WORK ITEM: Filter the entries, keeping every line with the word "Deviations".
╭──
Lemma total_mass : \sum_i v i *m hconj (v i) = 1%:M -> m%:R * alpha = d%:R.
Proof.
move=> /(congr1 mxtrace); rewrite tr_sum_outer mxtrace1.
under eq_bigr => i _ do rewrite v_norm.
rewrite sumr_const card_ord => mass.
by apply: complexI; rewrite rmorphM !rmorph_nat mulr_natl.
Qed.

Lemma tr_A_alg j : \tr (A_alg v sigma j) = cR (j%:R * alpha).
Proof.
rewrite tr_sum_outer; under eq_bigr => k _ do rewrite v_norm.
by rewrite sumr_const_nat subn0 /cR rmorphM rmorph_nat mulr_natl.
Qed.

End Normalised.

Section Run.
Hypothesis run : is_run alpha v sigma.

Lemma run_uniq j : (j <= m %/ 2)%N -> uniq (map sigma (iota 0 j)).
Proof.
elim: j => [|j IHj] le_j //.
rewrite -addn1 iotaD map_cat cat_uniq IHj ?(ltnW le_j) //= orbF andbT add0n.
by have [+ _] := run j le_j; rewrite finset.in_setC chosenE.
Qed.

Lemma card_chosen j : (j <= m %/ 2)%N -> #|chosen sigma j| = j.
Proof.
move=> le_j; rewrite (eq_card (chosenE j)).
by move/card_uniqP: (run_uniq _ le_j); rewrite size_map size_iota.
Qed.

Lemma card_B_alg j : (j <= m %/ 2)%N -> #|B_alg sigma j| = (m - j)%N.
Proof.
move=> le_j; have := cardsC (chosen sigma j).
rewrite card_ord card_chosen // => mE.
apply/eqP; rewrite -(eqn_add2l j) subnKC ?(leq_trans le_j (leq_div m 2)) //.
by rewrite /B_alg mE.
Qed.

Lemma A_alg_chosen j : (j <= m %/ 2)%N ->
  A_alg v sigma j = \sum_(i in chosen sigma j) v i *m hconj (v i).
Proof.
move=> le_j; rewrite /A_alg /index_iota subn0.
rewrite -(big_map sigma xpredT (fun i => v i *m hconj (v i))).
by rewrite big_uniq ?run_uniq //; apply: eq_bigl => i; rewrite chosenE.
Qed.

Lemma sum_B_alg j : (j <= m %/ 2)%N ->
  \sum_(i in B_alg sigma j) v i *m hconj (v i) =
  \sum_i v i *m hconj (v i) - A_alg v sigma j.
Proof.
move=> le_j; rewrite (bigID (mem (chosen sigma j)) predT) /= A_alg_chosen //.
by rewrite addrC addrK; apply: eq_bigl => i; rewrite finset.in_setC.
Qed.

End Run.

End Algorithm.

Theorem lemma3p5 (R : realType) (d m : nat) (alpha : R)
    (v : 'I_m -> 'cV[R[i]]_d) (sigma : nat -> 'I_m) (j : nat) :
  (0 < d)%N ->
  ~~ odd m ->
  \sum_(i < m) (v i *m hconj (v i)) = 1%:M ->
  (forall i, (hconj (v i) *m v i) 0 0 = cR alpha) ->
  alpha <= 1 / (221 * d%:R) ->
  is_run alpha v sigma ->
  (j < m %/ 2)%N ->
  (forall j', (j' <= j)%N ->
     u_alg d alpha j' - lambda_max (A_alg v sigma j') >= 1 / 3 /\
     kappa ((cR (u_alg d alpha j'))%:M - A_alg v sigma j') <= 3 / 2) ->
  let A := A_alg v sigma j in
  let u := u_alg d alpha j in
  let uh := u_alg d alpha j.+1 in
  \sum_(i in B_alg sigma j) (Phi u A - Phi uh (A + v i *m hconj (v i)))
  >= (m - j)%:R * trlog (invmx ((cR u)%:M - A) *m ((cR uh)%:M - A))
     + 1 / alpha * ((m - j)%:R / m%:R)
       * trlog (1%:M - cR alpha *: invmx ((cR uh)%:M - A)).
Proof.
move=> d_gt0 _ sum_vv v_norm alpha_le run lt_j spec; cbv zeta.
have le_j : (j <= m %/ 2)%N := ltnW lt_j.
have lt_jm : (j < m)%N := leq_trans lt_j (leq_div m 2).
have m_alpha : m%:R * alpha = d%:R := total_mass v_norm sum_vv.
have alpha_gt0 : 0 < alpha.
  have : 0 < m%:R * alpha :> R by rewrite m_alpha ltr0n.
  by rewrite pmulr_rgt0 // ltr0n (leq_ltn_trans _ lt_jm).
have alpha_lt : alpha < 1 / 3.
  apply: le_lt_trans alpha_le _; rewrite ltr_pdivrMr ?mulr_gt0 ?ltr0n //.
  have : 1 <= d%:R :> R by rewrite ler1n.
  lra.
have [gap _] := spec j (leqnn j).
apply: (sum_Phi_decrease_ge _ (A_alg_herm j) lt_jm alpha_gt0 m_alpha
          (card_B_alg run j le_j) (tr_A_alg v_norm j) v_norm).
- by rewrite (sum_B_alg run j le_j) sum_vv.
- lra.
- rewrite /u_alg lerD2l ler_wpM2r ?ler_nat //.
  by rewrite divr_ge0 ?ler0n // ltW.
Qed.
╰──
╭──
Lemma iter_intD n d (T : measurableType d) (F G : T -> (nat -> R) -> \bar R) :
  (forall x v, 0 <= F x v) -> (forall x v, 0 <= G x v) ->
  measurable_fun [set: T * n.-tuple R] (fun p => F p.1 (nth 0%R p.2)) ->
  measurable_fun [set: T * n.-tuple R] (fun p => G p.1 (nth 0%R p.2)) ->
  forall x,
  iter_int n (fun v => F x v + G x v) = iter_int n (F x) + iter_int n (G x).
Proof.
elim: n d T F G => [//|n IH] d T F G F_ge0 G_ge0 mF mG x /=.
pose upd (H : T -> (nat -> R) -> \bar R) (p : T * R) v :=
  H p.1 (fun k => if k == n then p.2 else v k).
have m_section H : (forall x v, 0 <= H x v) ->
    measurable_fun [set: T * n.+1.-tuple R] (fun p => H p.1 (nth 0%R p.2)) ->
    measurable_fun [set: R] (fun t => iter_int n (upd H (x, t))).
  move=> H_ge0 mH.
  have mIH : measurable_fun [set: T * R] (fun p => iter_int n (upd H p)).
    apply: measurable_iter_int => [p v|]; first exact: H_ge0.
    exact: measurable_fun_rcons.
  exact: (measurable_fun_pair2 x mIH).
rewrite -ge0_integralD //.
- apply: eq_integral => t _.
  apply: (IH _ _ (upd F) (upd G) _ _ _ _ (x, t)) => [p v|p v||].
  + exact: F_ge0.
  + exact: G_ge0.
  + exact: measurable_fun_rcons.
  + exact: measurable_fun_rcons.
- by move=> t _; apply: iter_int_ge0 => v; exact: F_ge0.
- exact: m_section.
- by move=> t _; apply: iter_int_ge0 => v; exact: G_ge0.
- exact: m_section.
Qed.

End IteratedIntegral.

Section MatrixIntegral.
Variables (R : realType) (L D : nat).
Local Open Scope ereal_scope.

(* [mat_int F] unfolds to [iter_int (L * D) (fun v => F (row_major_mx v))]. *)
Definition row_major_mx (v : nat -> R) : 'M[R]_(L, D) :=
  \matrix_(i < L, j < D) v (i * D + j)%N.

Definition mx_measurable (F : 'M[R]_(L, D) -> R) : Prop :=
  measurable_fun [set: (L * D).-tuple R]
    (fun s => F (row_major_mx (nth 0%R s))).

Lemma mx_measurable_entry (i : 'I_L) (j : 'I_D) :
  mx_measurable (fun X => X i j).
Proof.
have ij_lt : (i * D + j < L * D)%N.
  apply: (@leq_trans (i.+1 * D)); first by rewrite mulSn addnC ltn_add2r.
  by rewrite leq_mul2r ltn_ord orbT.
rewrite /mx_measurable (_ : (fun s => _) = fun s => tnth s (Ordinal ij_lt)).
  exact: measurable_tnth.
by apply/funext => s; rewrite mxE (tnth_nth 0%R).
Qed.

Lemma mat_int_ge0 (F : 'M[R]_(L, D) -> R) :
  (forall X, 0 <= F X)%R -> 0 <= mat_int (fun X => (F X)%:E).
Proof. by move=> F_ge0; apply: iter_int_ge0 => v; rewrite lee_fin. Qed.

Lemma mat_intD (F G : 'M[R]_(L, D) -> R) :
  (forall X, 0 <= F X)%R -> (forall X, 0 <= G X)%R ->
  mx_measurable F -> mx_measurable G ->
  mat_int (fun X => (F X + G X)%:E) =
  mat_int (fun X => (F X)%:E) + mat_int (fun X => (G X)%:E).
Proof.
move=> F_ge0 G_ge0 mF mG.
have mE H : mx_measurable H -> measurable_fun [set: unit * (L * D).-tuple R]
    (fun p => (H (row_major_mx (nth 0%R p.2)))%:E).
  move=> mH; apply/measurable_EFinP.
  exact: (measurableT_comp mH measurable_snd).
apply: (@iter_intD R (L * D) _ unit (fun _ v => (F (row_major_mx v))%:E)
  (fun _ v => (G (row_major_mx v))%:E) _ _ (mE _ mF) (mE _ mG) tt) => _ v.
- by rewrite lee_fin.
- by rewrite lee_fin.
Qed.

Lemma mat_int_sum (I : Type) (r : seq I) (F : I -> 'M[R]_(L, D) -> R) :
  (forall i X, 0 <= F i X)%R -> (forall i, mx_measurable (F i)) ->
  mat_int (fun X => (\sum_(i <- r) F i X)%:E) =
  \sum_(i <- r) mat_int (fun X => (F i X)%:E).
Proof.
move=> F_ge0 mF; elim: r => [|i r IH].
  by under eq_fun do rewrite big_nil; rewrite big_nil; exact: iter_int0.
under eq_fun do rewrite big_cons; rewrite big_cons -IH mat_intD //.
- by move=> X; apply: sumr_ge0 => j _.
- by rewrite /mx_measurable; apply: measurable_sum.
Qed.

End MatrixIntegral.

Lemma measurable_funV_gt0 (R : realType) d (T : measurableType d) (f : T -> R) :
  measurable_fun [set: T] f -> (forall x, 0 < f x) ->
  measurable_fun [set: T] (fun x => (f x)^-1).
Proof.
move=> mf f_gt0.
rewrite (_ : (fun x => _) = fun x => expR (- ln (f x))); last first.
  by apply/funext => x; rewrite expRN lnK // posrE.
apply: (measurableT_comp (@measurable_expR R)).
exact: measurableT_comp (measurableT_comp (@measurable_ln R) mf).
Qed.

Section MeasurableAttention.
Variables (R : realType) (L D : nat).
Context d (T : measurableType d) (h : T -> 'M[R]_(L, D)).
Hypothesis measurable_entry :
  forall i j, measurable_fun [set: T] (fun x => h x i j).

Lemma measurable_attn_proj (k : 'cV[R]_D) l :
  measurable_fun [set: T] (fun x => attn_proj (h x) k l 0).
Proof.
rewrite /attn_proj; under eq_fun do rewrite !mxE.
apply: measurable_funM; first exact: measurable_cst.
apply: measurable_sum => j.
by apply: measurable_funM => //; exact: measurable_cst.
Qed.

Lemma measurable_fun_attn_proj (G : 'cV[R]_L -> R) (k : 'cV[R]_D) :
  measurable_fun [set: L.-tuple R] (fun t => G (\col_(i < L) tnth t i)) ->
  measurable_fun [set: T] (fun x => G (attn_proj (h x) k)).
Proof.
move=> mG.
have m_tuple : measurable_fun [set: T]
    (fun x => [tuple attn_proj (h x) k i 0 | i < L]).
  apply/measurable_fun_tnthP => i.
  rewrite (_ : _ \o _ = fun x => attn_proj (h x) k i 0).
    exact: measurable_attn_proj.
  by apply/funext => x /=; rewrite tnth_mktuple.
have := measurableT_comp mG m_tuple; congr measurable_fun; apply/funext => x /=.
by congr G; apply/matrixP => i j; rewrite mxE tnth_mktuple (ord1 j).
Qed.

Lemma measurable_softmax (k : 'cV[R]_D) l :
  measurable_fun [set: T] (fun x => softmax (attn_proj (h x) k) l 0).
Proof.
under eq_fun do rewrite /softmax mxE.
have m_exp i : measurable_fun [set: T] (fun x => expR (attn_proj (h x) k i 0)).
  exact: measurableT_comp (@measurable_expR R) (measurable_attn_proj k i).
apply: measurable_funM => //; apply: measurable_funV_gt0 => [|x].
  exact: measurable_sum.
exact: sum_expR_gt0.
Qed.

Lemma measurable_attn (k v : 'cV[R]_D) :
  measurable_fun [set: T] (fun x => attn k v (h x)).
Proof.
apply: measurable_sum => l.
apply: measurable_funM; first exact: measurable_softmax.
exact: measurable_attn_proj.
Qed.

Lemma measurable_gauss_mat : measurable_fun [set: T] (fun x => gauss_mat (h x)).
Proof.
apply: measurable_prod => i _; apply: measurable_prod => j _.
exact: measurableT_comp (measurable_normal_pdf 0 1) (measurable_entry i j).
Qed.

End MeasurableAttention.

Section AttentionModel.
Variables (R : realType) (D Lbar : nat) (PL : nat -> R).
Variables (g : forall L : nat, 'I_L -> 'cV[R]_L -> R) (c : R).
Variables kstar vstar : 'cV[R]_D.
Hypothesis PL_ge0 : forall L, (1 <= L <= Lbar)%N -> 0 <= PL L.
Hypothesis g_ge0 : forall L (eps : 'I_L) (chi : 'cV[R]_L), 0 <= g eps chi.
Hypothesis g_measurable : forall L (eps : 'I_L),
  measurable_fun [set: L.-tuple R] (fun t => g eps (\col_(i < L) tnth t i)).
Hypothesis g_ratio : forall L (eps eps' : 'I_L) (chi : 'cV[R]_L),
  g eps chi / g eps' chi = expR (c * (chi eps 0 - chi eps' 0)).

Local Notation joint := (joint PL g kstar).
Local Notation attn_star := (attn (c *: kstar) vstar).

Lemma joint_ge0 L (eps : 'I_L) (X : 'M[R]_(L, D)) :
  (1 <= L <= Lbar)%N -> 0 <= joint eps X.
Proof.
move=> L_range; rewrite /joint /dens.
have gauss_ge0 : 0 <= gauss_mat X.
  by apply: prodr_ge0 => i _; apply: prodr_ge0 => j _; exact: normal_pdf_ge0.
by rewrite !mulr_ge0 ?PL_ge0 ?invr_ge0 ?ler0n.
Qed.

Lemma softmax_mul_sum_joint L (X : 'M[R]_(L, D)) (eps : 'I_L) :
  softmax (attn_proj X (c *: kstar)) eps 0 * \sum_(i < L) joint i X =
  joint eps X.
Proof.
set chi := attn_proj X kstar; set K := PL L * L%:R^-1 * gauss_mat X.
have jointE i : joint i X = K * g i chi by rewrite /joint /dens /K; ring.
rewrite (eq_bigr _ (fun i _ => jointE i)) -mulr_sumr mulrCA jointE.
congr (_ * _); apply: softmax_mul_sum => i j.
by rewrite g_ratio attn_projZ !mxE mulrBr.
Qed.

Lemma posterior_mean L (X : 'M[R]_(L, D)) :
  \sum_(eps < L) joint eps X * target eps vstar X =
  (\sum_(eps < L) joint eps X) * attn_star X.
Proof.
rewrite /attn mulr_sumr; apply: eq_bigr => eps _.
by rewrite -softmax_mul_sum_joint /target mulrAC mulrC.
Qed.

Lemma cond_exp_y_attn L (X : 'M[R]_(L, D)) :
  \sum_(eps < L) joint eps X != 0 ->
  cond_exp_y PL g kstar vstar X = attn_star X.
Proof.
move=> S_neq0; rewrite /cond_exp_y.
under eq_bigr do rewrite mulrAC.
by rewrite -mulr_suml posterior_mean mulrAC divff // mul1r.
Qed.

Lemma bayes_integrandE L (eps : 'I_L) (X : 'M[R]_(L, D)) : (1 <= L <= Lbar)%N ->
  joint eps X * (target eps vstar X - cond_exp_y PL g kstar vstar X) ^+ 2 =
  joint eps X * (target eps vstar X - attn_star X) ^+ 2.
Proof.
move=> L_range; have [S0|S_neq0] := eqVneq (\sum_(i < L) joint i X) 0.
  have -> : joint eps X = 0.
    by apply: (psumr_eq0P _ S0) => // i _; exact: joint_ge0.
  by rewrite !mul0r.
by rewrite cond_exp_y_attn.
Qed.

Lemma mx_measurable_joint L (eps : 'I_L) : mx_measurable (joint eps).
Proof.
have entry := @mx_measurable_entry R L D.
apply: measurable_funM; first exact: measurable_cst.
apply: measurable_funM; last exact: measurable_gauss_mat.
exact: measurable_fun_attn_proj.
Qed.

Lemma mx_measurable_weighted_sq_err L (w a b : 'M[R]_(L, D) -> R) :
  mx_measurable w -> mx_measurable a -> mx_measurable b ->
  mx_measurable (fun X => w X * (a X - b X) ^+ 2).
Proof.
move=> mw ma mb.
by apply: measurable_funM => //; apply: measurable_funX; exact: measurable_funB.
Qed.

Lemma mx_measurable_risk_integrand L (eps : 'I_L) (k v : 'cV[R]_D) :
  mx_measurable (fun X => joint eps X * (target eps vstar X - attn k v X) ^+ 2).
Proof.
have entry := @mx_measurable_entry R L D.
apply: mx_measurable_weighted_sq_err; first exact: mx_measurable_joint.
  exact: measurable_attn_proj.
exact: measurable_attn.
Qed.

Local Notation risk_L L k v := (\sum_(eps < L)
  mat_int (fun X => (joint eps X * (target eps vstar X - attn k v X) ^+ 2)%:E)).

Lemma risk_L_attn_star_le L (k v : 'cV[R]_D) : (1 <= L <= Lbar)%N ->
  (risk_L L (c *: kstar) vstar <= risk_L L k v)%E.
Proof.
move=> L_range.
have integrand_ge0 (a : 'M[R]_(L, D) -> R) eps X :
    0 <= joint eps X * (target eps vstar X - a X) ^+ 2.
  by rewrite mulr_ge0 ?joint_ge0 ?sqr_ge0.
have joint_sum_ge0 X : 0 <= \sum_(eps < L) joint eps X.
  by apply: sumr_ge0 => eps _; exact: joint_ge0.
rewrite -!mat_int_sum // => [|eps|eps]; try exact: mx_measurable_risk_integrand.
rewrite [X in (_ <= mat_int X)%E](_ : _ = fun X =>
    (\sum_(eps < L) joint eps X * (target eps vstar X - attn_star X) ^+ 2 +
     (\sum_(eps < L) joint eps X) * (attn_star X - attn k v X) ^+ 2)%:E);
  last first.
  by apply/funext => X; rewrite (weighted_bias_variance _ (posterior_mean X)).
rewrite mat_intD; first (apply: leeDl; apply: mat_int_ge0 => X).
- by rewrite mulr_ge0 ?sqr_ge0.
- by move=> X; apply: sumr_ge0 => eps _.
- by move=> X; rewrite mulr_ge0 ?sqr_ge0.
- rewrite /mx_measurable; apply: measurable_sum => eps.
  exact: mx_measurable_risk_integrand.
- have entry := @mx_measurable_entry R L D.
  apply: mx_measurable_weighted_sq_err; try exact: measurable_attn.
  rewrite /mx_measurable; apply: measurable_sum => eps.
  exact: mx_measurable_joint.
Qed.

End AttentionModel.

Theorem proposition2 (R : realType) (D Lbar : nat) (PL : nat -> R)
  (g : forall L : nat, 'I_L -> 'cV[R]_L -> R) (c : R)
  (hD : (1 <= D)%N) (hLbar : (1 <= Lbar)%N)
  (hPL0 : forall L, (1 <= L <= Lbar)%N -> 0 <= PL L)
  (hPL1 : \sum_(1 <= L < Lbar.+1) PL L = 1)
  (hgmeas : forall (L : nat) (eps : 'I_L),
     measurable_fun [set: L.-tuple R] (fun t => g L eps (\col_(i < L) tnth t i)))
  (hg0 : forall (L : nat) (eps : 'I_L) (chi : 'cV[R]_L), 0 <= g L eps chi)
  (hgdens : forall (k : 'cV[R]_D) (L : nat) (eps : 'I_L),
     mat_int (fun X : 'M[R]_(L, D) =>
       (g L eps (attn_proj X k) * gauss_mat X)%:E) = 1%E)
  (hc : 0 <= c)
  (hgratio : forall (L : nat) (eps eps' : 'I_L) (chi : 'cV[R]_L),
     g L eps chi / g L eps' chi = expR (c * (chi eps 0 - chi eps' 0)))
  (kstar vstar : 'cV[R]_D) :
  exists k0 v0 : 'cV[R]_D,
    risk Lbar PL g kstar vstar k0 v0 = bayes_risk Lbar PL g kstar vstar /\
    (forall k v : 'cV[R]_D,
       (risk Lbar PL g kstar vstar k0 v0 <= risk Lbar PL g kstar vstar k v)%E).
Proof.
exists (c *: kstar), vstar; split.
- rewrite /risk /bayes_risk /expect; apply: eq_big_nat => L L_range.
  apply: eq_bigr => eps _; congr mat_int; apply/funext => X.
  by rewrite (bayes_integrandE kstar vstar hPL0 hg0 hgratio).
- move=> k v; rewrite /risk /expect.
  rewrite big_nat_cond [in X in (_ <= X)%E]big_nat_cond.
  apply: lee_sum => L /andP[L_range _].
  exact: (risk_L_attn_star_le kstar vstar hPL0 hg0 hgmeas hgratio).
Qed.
╰──
╭──
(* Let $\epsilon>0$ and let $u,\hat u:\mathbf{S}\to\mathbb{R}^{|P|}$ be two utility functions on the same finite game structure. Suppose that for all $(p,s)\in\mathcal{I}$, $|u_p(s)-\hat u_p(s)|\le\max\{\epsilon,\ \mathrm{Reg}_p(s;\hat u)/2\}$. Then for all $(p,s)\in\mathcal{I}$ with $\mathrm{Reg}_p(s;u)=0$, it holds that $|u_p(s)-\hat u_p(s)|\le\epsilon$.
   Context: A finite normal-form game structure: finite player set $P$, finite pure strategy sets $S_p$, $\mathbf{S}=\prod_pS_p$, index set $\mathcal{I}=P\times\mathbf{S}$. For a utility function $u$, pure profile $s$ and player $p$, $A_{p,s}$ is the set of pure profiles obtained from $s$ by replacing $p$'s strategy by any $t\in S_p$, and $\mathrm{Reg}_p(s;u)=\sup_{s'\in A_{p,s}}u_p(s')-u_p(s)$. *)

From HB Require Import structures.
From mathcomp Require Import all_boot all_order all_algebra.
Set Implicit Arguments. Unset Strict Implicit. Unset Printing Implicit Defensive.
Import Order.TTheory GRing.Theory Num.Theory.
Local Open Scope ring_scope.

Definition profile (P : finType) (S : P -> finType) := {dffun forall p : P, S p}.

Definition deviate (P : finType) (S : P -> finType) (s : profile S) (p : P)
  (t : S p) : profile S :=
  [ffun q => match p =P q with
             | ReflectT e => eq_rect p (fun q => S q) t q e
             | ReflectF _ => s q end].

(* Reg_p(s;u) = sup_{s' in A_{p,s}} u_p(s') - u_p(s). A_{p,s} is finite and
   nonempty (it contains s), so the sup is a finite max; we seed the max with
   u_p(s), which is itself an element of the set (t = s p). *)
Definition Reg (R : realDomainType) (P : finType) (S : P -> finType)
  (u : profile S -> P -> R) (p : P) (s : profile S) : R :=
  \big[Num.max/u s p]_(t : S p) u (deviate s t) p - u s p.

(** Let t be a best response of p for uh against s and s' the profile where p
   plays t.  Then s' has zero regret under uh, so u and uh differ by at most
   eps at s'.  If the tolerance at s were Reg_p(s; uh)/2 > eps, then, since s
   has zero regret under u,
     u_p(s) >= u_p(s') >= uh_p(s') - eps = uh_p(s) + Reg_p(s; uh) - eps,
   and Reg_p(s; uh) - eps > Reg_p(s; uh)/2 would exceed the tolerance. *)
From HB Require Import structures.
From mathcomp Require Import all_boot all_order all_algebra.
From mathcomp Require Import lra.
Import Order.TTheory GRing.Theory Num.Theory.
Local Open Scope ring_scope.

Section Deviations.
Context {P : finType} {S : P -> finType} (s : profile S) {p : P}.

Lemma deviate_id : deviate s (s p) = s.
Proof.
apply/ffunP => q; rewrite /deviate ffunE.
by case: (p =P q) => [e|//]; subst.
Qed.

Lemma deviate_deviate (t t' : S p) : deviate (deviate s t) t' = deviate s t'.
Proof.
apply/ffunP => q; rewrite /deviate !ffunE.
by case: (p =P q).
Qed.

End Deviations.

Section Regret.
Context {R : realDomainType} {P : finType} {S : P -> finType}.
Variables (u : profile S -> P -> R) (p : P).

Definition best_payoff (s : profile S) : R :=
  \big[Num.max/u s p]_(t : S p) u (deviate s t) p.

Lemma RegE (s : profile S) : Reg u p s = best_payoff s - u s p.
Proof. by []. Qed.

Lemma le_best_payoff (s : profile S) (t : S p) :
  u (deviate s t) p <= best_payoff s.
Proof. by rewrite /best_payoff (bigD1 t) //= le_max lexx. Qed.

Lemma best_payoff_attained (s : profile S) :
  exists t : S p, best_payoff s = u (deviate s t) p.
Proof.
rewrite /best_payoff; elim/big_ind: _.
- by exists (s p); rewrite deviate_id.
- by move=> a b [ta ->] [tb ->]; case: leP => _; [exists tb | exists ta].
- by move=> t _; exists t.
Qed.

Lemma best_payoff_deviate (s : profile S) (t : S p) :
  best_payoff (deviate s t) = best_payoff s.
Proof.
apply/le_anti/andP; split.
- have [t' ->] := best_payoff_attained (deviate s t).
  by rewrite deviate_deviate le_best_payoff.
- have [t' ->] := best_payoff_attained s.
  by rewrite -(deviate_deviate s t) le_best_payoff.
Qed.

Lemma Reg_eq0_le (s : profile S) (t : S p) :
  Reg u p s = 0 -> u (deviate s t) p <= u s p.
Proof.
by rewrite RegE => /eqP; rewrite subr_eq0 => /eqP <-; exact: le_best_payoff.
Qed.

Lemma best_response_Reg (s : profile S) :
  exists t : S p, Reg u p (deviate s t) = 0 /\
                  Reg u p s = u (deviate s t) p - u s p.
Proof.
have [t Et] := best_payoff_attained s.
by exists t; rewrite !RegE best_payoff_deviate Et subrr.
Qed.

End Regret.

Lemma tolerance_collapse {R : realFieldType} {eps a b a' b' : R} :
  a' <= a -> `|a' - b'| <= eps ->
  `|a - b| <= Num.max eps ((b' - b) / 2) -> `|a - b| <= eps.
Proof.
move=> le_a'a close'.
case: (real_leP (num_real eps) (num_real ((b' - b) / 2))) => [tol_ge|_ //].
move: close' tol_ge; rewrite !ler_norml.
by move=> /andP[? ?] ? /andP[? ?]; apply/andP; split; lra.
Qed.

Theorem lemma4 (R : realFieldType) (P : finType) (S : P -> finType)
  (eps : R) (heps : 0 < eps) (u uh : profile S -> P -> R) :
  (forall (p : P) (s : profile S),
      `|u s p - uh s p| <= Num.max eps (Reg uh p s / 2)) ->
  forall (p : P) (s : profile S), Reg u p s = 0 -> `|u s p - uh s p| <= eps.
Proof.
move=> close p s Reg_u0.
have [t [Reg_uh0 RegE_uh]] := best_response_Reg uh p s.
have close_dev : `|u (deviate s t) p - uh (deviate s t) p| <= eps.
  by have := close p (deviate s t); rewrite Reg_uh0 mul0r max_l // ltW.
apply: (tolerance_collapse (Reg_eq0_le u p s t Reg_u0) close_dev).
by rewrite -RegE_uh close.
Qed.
╰──
RESULT FOR THIS TASK:
Section Deviations.
End Deviations.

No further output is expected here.